** Working data follows **
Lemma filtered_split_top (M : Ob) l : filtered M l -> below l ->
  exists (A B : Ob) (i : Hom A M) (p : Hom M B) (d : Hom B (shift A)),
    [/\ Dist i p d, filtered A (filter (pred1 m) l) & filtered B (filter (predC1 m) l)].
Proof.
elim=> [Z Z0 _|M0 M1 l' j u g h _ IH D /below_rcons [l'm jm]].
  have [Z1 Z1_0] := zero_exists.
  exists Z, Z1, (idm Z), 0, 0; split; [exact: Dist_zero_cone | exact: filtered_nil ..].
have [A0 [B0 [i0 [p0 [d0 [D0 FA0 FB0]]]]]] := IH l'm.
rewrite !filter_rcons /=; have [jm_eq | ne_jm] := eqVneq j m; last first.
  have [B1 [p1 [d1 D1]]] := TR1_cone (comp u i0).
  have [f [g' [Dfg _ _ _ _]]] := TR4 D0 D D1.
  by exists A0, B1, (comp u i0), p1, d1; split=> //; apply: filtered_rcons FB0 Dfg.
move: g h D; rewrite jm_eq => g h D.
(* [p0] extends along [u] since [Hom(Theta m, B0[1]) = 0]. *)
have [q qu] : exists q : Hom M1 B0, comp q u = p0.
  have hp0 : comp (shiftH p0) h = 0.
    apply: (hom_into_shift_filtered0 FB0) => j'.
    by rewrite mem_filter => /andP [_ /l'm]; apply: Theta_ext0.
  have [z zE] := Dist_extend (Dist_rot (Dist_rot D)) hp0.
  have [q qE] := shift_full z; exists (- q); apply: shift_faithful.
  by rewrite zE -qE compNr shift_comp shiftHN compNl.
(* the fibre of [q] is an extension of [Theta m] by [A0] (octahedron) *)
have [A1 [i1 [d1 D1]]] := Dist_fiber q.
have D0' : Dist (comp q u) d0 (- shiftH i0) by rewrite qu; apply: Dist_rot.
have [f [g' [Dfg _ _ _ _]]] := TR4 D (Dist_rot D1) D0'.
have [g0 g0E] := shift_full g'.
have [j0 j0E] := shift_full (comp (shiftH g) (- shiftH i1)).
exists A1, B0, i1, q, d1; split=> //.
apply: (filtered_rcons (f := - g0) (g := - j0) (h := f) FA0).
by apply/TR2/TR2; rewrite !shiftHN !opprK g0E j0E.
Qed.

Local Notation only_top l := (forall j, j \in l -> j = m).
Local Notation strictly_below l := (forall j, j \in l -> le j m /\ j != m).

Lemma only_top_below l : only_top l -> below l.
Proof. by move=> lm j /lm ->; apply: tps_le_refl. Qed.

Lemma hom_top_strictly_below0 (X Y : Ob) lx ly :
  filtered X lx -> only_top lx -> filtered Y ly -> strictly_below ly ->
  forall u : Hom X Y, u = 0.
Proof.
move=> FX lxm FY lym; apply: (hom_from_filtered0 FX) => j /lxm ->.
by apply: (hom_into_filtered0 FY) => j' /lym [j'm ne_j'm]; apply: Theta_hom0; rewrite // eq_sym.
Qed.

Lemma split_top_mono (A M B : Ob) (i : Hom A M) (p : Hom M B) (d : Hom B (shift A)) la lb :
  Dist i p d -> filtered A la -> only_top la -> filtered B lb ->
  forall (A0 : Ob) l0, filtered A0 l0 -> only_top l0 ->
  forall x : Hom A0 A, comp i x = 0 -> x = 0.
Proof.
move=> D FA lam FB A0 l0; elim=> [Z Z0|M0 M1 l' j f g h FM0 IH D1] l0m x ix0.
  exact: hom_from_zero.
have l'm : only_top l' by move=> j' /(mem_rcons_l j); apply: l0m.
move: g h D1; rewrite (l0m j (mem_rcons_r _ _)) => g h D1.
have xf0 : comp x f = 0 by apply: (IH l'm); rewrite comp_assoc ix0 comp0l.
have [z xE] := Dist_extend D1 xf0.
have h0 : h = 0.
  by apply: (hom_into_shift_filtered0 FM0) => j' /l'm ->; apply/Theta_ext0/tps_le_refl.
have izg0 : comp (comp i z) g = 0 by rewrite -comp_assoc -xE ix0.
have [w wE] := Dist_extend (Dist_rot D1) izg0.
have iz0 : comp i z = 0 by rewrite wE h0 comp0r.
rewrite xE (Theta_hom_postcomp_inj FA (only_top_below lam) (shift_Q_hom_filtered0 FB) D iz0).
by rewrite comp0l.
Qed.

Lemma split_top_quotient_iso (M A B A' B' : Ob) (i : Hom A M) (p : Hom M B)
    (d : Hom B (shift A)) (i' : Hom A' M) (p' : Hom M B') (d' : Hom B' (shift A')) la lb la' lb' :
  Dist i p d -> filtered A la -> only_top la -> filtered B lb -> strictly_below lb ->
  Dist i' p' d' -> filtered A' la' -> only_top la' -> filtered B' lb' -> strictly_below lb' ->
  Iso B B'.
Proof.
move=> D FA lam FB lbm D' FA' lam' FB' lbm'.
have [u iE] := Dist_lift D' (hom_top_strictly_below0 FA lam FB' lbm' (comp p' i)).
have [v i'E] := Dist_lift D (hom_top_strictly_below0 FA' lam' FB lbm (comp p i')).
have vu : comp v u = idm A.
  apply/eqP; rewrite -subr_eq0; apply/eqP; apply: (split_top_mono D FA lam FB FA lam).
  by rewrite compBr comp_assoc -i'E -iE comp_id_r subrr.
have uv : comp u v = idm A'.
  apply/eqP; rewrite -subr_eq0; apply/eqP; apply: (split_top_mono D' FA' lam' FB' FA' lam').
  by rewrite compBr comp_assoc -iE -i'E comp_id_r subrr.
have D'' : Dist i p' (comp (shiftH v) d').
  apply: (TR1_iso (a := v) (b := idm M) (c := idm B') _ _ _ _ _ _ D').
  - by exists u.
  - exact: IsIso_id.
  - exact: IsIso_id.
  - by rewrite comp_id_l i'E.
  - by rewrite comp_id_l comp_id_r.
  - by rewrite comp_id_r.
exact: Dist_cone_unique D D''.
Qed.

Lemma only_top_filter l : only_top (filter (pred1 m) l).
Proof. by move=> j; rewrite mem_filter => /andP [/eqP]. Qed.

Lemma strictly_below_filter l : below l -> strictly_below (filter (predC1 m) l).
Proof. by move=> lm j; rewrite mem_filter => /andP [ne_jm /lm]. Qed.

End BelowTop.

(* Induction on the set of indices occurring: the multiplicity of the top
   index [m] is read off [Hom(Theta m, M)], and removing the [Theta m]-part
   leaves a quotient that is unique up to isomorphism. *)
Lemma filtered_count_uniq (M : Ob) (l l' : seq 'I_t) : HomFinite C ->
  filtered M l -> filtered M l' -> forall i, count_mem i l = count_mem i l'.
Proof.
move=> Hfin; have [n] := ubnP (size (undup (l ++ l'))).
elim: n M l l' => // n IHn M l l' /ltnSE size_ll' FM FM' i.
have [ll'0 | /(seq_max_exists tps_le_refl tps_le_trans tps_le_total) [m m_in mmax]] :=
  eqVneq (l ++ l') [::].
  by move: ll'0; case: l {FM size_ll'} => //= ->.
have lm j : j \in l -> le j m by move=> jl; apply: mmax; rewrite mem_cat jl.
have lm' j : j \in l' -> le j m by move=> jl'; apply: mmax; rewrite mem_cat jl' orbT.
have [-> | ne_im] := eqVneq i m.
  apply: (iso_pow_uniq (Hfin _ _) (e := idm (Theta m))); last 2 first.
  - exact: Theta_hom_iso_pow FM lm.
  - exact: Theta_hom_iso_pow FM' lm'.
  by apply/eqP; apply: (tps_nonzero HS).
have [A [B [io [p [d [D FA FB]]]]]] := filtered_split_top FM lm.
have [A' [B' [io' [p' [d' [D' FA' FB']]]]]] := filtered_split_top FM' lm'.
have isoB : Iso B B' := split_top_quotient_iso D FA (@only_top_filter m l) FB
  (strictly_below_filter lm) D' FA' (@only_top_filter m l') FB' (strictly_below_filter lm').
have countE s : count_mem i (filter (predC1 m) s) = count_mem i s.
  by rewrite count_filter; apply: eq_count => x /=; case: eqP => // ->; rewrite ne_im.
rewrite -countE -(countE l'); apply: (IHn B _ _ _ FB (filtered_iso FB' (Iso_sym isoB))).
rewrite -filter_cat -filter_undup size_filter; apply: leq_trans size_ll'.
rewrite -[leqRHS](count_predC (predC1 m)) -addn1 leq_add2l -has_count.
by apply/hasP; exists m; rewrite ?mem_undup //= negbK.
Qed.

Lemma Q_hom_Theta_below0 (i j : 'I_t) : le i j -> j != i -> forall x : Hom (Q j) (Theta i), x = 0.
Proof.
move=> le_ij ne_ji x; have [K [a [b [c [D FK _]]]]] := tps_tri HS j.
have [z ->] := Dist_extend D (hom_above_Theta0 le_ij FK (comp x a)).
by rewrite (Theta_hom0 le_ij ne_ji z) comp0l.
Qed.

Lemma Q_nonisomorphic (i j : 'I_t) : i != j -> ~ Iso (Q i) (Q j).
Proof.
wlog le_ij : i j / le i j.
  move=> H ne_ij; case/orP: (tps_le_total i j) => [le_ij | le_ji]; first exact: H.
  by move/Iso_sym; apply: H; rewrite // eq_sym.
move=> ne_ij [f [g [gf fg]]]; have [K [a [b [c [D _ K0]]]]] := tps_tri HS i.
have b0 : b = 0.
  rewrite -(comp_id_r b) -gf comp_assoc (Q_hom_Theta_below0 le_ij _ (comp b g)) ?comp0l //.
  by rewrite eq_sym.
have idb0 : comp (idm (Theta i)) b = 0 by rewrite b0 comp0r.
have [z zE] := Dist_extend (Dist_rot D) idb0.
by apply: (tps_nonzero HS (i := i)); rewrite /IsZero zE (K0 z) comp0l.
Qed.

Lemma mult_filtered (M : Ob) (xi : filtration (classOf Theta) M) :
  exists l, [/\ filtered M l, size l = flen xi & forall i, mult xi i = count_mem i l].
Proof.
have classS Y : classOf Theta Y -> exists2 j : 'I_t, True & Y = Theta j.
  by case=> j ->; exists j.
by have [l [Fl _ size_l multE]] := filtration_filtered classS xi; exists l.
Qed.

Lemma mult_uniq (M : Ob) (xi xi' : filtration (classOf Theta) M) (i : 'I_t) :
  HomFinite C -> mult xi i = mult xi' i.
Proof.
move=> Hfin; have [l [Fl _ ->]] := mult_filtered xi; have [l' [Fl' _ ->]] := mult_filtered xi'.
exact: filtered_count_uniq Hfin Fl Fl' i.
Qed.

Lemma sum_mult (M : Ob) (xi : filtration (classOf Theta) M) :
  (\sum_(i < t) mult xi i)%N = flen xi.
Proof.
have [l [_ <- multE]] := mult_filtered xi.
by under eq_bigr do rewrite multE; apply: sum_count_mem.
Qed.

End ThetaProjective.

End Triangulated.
** End of Working data **
● Activity
In the entries above, find the line holding "wlog le_ij : i j / le i j." and the line holding "have b0 : b = 0.", then retype exactly those two lines and every line between them, and nothing else.

● Finished task
wlog le_ij : i j / le i j.
  move=> H ne_ij; case/orP: (tps_le_total i j) => [le_ij | le_ji]; first exact: H.
  by move/Iso_sym; apply: H; rewrite // eq_sym.
move=> ne_ij [f [g [gf fg]]]; have [K [a [b [c [D _ K0]]]]] := tps_tri HS i.
have b0 : b = 0.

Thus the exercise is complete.